The objective of model selection is to find the network architecture with the best generalization properties. We want to improve the final selection error obtained before (0.209 NSE).

The best selection error is achieved using a model whose complexity is the most appropriate to produce an adequate data fit. Consequently, order selection algorithms are responsible for finding the optimal number of perceptrons in the neural network.

As we can see, the final training error always decreases with the number of neurons. However, the final selection error takes a minimum value at some point. Here, the optimal number of neurons is 8, corresponding to a 0.0974 selection error.

The following figure shows the optimal network architecture for this application.

6. Testing analysis

The objective of the testing analysis is to validate the generalization performance of the trained neural network. During this process, the testing phase involves comparing the values provided by this technique to the observed values.

A standard testing technique in approximation problems is to perform a linear regression analysis between the predicted and the real values using an independent testing set. The next figure illustrates a graphical output provided by this testing analysis.

From the above chart, we can see that the neural network is predicting the entire range of car price data well. The correlation value is R2 = 0.937, indicating the model has a reliable prediction capability.

7. Model deployment

The model is now ready to estimate the price of a certain car with satisfactory quality over the same data range.

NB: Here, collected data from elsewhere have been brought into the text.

Lemma rsum_opp n f : rsum n (fun i => - f i) = - rsum n f.
Proof. induction n as [|n IH]; simpl; [ring|rewrite IH; ring]. Qed.

Lemma rsum_scal n c f : rsum n (fun i => c * f i) = c * rsum n f.
Proof. induction n as [|n IH]; simpl; [ring|rewrite IH; ring]. Qed.

Lemma rsum_const n c : rsum n (fun _ => c) = INR n * c.
Proof. induction n as [|n IH]; simpl rsum; [simpl; ring|rewrite IH, S_INR; ring]. Qed.

Lemma rsum_zero n f : (forall i, (i < n)%nat -> f i = 0) -> rsum n f = 0.
Proof. intros Hf. rewrite (rsum_ext n f (fun _ => 0)), rsum_const; [ring|exact Hf]. Qed.

Lemma rsum_nonneg n f : (forall i, (i < n)%nat -> 0 <= f i) -> 0 <= rsum n f.
Proof.
  induction n as [|n IH]; intros Hf; simpl; [lra|].
  assert (0 <= f n) by (apply Hf; lia).
  assert (0 <= rsum n f) by (apply IH; intros; apply Hf; lia).
  lra.
Qed.

Lemma rsum_le n f g : (forall i, (i < n)%nat -> f i <= g i) -> rsum n f <= rsum n g.
Proof.
  intros Hfg. assert (0 <= rsum n (fun i => g i - f i)) as Hd.
  { apply rsum_nonneg; intros i Hi; specialize (Hfg i Hi); lra. }
  rewrite rsum_minus in Hd; lra.
Qed.

Lemma rsum_elem_le n f i :
  (forall j, (j < n)%nat -> 0 <= f j) -> (i < n)%nat -> f i <= rsum n f.
Proof.
  induction n as [|n IH]; intros Hf Hi; [lia|]. simpl.
  assert (0 <= f n) by (apply Hf; lia).
  destruct (Nat.eq_dec i n) as [->|Hne].
  - assert (0 <= rsum n f) by (apply rsum_nonneg; intros; apply Hf; lia). lra.
  - assert (f i <= rsum n f) by (apply IH; [intros; apply Hf|]; lia). lra.
Qed.

Lemma rsum_delta n f i :
  (i < n)%nat -> rsum n (fun j => if Nat.eqb i j then f j else 0) = f i.
Proof.
  induction n as [|n IH]; intros Hi; [lia|]. simpl.
  destruct (Nat.eqb_spec i n) as [->|Hne].
  - rewrite rsum_zero; [ring|]. intros j Hj. destruct (Nat.eqb_spec n j); [lia|auto].
  - rewrite IH; [ring|lia].
Qed.

Lemma dot_self_nonneg n x : 0 <= dot n x x.
Proof. apply rsum_nonneg; intros; apply Rle_0_sqr. Qed.

Lemma nrm_nonneg n x : 0 <= nrm n x.
Proof. apply sqrt_pos. Qed.

Lemma distn_nonneg n x y : 0 <= distn n x y.
Proof. apply nrm_nonneg. Qed.

Lemma nrm_sq n x : nrm n x * nrm n x = dot n x x.
Proof. apply sqrt_sqrt, dot_self_nonneg. Qed.

Lemma dot_scal_l n c x y : dot n (fun i => c * x i) y = c * dot n x y.
Proof. unfold dot; rewrite <- rsum_scal; apply rsum_ext; intros; ring. Qed.
Lemma in_UVomegaP (S : finType) (U V : seq S -> Prop) alpha :
  in_UVomega U V alpha <-> exists f, UV_cuts U V alpha f.
Proof.
split=> [[u [ws [Uu [ws_ok [alpha_u alpha_ws]]]]]|[f [f_incr Uf Vf]]].
  have slice_ws k : slice alpha (size u + start_pos ws k) (size u + start_pos ws k.+1) = ws k.
    apply: (@eq_from_nth _ (alpha 0)) => [|t]; rewrite size_slice start_posS; first lia.
    by move=> ?; rewrite nth_slice; [apply: alpha_ws|]; lia.
  exists (fun k => size u + start_pos ws k); split=> [k||k].
  - by rewrite start_posS; case: (ws_ok k) => _; case: (ws k) => //= *; lia.
  - suff -> : slice alpha 0 (size u + start_pos ws 0) = u by [].
    apply: (@eq_from_nth _ (alpha 0)) => [|t]; rewrite size_slice /start_pos big_ord0 addn0 subn0 // => ?.
    by rewrite nth_slice ?subn0 // (alpha_u _ (alpha 0)).
  - by rewrite slice_ws; case: (ws_ok k).
have f0_le k : f 0 <= f k by rewrite (incr_leq f_incr).
have start_posE k : start_pos (fun k => slice alpha (f k) (f k.+1)) k = f k - f 0.
  elim: k => [|k IHk]; first by rewrite /start_pos big_ord0 subnn.
  by rewrite start_posS IHk size_slice; have := f_incr k; have := f0_le k; lia.
exists (slice alpha 0 (f 0)), (fun k => slice alpha (f k) (f k.+1)).
split=> //; split; [|split].
- move=> k; split; first exact: Vf.
  apply/eqP; rewrite -size_eq0 size_slice; have := f_incr k; lia.
- by move=> i x; rewrite size_slice subn0 => i_lt; rewrite nth_slice ?subn0.
- move=> k i x; rewrite size_slice size_slice subn0 start_posE => i_lt.
  by rewrite nth_slice //; congr alpha; have := f0_le k; lia.
Qed.

Section UVomegaAutomaton.
Variables (S : finType) (d : nat) (A : PA S d) (B : DFA S).
Local Notation q0B := (dfa_q0 B).
Local Notation deltaB := (@dfa_delta S B).

(* [inr (q, true)] marks the restart of the DFA after a completed V-factor. *)
Definition uv_state := (pa_Q A + dfa_Q B * bool)%type.

Definition loop_source (s : uv_state) : option (dfa_Q B) :=
  match s with
  | inl p => if p \in pa_F A then Some q0B else None
  | inr (q, _) => Some q
  end.

Definition loop_step (s : uv_state) (a : S) (s' : uv_state) : bool :=
  if loop_source s is Some q then
    (s' == inr (deltaB q a, false)) || (deltaB q a \in dfa_F B) && (s' == inr (q0B, true))
  else false.

Definition uv_trans : seq (uv_state * S * vec d * uv_state) :=
  [seq (inl t.1.1.1, t.1.1.2, t.1.2, inl t.2) | t <- pa_Delta A] ++
  [seq (x.1.1, x.1.2, vzero d, x.2) | x <- enum [pred x : uv_state * S * uv_state | loop_step x.1.1 x.1.2 x.2]].

Definition uv_automaton : PA S d :=
  MkPA (inl (pa_q0 A)) uv_trans [set inr (q0B, true)] (pa_C A).

Lemma uv_transP s a v s' : (s, a, v, s') \in uv_trans <->
  (exists p p', [/\ s = inl p, s' = inl p' & (p, a, v, p') \in pa_Delta A])
  \/ v = vzero d /\ loop_step s a s'.
Proof.
rewrite mem_cat; split.
  case/orP => /mapP[t t_in [-> -> -> ->]]; last by right; move: t_in; rewrite mem_enum.
  by left; exists t.1.1.1, t.2; case: t t_in => [[[]]].
case=> [[p [p' [-> -> pp']]]|[-> step]]; apply/orP; [left|right].
  by apply/mapP; exists (p, a, v, p').
by apply/mapP; exists (s, a, s'); rewrite ?mem_enum.
Qed.

Definition in_loop (s : uv_state) := if s is inr _ then true else false.

Lemma loop_step_in_loop s a s' : loop_step s a s' -> in_loop s'.
Proof. by rewrite /loop_step; case: loop_source => // q /orP[/eqP ->|/andP[_ /eqP ->]]. Qed.

Section CutsToRun.
Variables (alpha : nat -> S) (f : nat -> nat).
Hypothesis f_incr : forall k, f k < f k.+1.
Hypothesis blocks_accepted : forall k, DFA_accepts B (slice alpha (f k) (f k.+1)).
Variables (pA : nat -> pa_Q A) (vA : nat -> vec d).
Hypothesis pA_trans : forall i, i < f 0 -> (pA i, alpha i, vA i, pA i.+1) \in pa_Delta A.
Hypothesis pA_final : pA (f 0) \in pa_F A.

Fixpoint loop_state i : dfa_Q B :=
  if i is i'.+1 then if is_cut f i then q0B else deltaB (loop_state i') (alpha i') else q0B.

Lemma loop_state_cut k : loop_state (f k) = q0B.
Proof.
by case Efk: (f k) => [|i] //=; rewrite ifT //; apply/(is_cutP f_incr); exists k.
Qed.

Lemma loop_state_slice k i : f k <= i < f k.+1 ->
  loop_state i = foldl deltaB q0B (slice alpha (f k) i).
Proof.
case/andP=> fk_i i_fk1; rewrite -(loop_state_cut k); apply: foldl_slice => // j /andP[fk_j j_i] /=.
by rewrite ifN //; apply: (@not_cut f f_incr k); lia.
Qed.

Lemma loop_state_accept i : f 0 <= i -> is_cut f i.+1 -> deltaB (loop_state i) (alpha i) \in dfa_F B.
Proof.
move=> f0_i /(is_cutP f_incr)[[|k] fk]; first by move: f0_i; rewrite fk ltnn.
have fk_i : f k <= i by have := f_incr k; lia.
rewrite (loop_state_slice (k := k)) ?fk_i ?fk ?ltnSn //.
by rewrite -foldl_rcons -slice_rcons // -fk; apply: blocks_accepted.
Qed.

Definition uv_run i : uv_state :=
  if i <= f 0 then inl (pA i) else inr (loop_state i, is_cut f i).

Definition uv_vec i : vec d := if i < f 0 then vA i else vzero d.

Lemma uv_run_source i : f 0 <= i -> loop_source (uv_run i) = Some (loop_state i).
Proof.
rewrite /uv_run leq_eqVlt => /orP[/eqP <-|f0_i]; last by rewrite leqNgt f0_i.
by rewrite leqnn /= pA_final loop_state_cut.
Qed.

Lemma uv_run_step i : (uv_run i, alpha i, uv_vec i, uv_run i.+1) \in uv_trans.
Proof.
apply/uv_transP; rewrite /uv_vec; case: ltnP => [i_f0|f0_i].
  by left; exists (pA i), (pA i.+1); rewrite /uv_run i_f0 ltnW //; split=> //; apply: pA_trans.
right; split=> //; rewrite /loop_step uv_run_source // /uv_run leqNgt ltnS f0_i /=.
case: ifP => [cut|_]; last by rewrite eqxx.
by rewrite loop_state_accept // eqxx orbT.
Qed.

Lemma uv_run_final k : uv_run (f k.+1) = inr (q0B, true).
Proof.
have cut : is_cut f (f k.+1) by apply/(is_cutP f_incr); exists k.+1.
by rewrite /uv_run leqNgt (incr_ltn f_incr) loop_state_cut cut.
Qed.

Lemma uv_vec_sum i : f 0 <= i ->
  \big[@vadd d/vzero d]_(k < i) uv_vec k = \big[@vadd d/vzero d]_(k < f 0) vA k.
Proof. by move=> f0_i; rewrite (big_ord_widen _ _ f0_i) [RHS]big_mkcond. Qed.

End CutsToRun.

Lemma uv_accepts_of_cuts alpha f :
  UV_cuts (PA_accepts A) (DFA_accepts B) alpha f -> RPBA_accepts uv_automaton alpha.
Proof.
case=> f_incr [pA [vA [pA0 [pA_trans [pA_final sum_in]]]]] blocks.
rewrite size_slice subn0 in pA_trans pA_final sum_in.
have pA_step i : i < f 0 -> (pA i, alpha i, vA i, pA i.+1) \in pa_Delta A.
  by move=> i_f0; move: (pA_trans i (alpha 0) i_f0); rewrite nth_slice ?subn0 // add0n.
exists (uv_run alpha f pA), (uv_vec f vA); split; first by rewrite /uv_run leq0n pA0.
split=> [i|]; first exact: uv_run_step.
split=> [|N].
  exists (f 1); split; first by have := incr_ge f_incr 1.
  rewrite uv_run_final // inE eqxx; split=> //.
  by rewrite uv_vec_sum // ltnW.
exists (f N.+1); split; first by have := incr_ge f_incr N.+1; lia.
by rewrite uv_run_final // inE.
Qed.

Section RunToCuts.
Variables (alpha : nat -> S) (p : nat -> uv_state) (v : nat -> vec d).
Hypothesis p0 : p 0 = inl (pa_q0 A).
Hypothesis p_trans : forall i, (p i, alpha i, v i, p i.+1) \in uv_trans.
Hypothesis p_reach : exists i, 0 < i /\ p i \in pa_F uv_automaton /\
  in_semilinear (pa_C A) (\big[@vadd d/vzero d]_(k < i) v k).
Hypothesis p_buchi : forall N, exists j, N <= j /\ p j \in pa_F uv_automaton.

Lemma run_step_loop i : in_loop (p i.+1) -> v i = vzero d /\ loop_step (p i) (alpha i) (p i.+1).
Proof. by case/uv_transP: (p_trans i) => // -[q [q' [_ -> _]]]. Qed.

Lemma run_stays_in_loop i : in_loop (p i) -> in_loop (p i.+1).
Proof.
by case/uv_transP: (p_trans i) => [[q [q' [-> _ _]]]|[_ /loop_step_in_loop]].
Qed.

Lemma run_enters_loop : exists i, in_loop (p i.+1).
Proof.
have [j [j_gt0 pj]] := p_buchi 1; exists j.-1.
by rewrite prednK //; move: pj; rewrite inE => /eqP ->.
Qed.

Definition loop_entry := ex_minn run_enters_loop.

Lemma run_in_loopE i : in_loop (p i) = (loop_entry < i).
Proof.
rewrite /loop_entry; case: ex_minnP => s ps s_min.
case: i => [|i]; first by rewrite p0.
apply/idP/idP => [/s_min //|]; rewrite ltnS; elim: i => [|i IHi].
  by rewrite leqn0 => /eqP <-.
by rewrite leq_eqVlt => /orP[/eqP <-//|/IHi /run_stays_in_loop].
Qed.

Definition prefix_state i : pa_Q A := if p i is inl q then q else pa_q0 A.

Lemma prefix_stateE i : i <= loop_entry -> p i = inl (prefix_state i).
Proof.
by rewrite leqNgt -run_in_loopE /prefix_state; case: (p i).
Qed.

Lemma loop_vec_zero i : loop_entry <= i -> v i = vzero d.
Proof. by move=> le_i; case: (run_step_loop (i := i)); rewrite // run_in_loopE. Qed.
Lemma coord_eq0_of_dot_F_upd x m (c : nat -> R) :
  (m < p)%nat -> (forall k, (m < k < p)%nat -> c k = 0) ->
  dot p (F (upd x m 1)) c = dot p (F (upd x m 0)) c -> c m = 0.
Proof.
  intros Hm Hc Heq. pose proof (dot_F_upd_sub x m 0 1 c Hm Hc) as Hsub.
  rewrite Heq, Rminus_diag, Rminus_0_r, Rmult_1_r in Hsub.
  assert (Hinv : / sigma m <> 0) by (apply Rinv_neq_0_compat; specialize (sigma_pos m Hm); lra).
  destruct (Rmult_integral _ _ (eq_sym Hsub)); [contradiction | assumption].
Qed.

Lemma v_eq0_of_notin x m :
  (m < p)%nat -> m <> l -> ~ In m S -> (forall y k, (m < k < p)%nat -> v y k = 0) ->
  v x m = 0.
Proof.
  intros Hm Hml HmS Habove. apply (coord_eq0_of_dot_F_upd x m); [exact Hm | auto |].
  assert (Hv : forall e, dot p (F (upd x m e)) (v x) = u (x l + src x)).
  { intro e. rewrite (dF_local x (upd x m e)) by (rewrite upd_neq; auto).
    rewrite <- identity, upd_neq, lsum_upd_notin by auto. reflexivity. }
  now rewrite !Hv.
Qed.

Lemma w_eq0_of_u1_invariant x m :
  (m < p)%nat -> m <> l -> (forall y k, (m < k < p)%nat -> w y k = 0) ->
  u1 (x l + src (upd x m 1)) = u1 (x l + src (upd x m 0)) -> w x m = 0.
Proof.
  intros Hm Hml Habove Hu1. apply (coord_eq0_of_dot_F_upd x m); [exact Hm | auto |].
  assert (Hw : forall e, dot p (F (upd x m e)) (w x)
                         = u1 (x l + src (upd x m e)) - dot p (dF x) (v x)).
  { intro e. assert (Hl : x l = upd x m e l) by (rewrite upd_neq; auto).
    rewrite (d2F_local x (upd x m e) Hl), (dF_local x (upd x m e) Hl), Hl, identity_deriv.
    ring. }
  now rewrite !Hw, Hu1.
Qed.

Lemma u2_eq0_of_two_sources m s : In m S -> In s S -> s <> m -> forall z, u2 z = 0.
Proof.
  intros Hm Hs Hsm.
  destruct (us_nonconst m Hm) as [[g1 [g2 [Hg _]]] Hgn].
  destruct (us_nonconst s Hs) as [[h1 [h2 [Hh _]]] Hhn].
  destruct (exists_deriv_neq0 _ _ Hg Hgn) as [c0 Hc0].
  destruct (exists_deriv_neq0 _ _ Hh Hhn) as [b0 Hb0].
  destruct (S_range m Hm) as [_ Hml], (S_range s Hs) as [_ Hsl].
  apply (second_deriv_eq0_of_mixed_diff u u1 u2 (us m) g1 (us s) h1 c0 b0); auto.
  intros T c a b.
  set (z0 := fun _ : nat => 0).
  set (K := src z0 - us m 0 - us s 0).
  set (y := fun c => upd (upd z0 l (T - K)) m c).
  (* [K] is chosen so that at the point [upd (y c) s b] the argument of [u] is
     [T + us m c + us s b]. *)
  assert (Hpt : forall c b, u (T + us m c + us s b) = dot p (F (upd (y c) s b)) (v (y 0))).
  { intros c' b'.
    assert (Hl : y 0 l = upd (y c') s b' l).
    { unfold y. rewrite (upd_neq _ s), !(upd_neq _ m), !upd_eq by congruence. reflexivity. }
    rewrite (dF_local (y 0) (upd (y c') s b') Hl), <- identity, <- Hl.
    unfold y. rewrite lsum_upd_in, lsum_upd_in, lsum_upd_notin by auto using l_notin_S.
    rewrite !(upd_neq _ m), upd_eq, !(upd_neq _ l) by congruence.
    f_equal. unfold K, z0. ring. }
  rewrite !Hpt. unfold dot. rewrite <- !rsum_minus. apply rsum_ext. intros k _.
  rewrite <- !Rmult_minus_distr_r, (PLSEM_fun_upd_sub_indep pa mu f sigma (y c) (y 0)).
  reflexivity.
Qed.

We can plot a directional output of the neural network to see how the price varies with a given input for all other inputs fixed. The next plot shows the car price as a function of the engine size through the following point:

symboling: 2
fuel_type: “Diesel”.
aspiration: “turbo”.
drive_wheel: “rwd”.
wheel_base: 98.8 in.
car_length: 174 in.
car_width: 65.9 in.
car_height: 53.7 in.
curb_weight: 2560 lb.
engine_type: “dohc”.
cylinder_number: 4.
engine_size: 127 cc.
bore_ratio: 3.33.
stroke: 3.26 in.
compression_ratio: 10.1.
horse_power: 104 hp.
peak_rpm: 5130 rpm.
city_mpg: 25.2 mpg.
highway_mpg: 30.8 mpg.

The car_price.py contains the Python code for the car price.

References

Kaggle Machine Learning Repository. Car Price Assignment Data Set.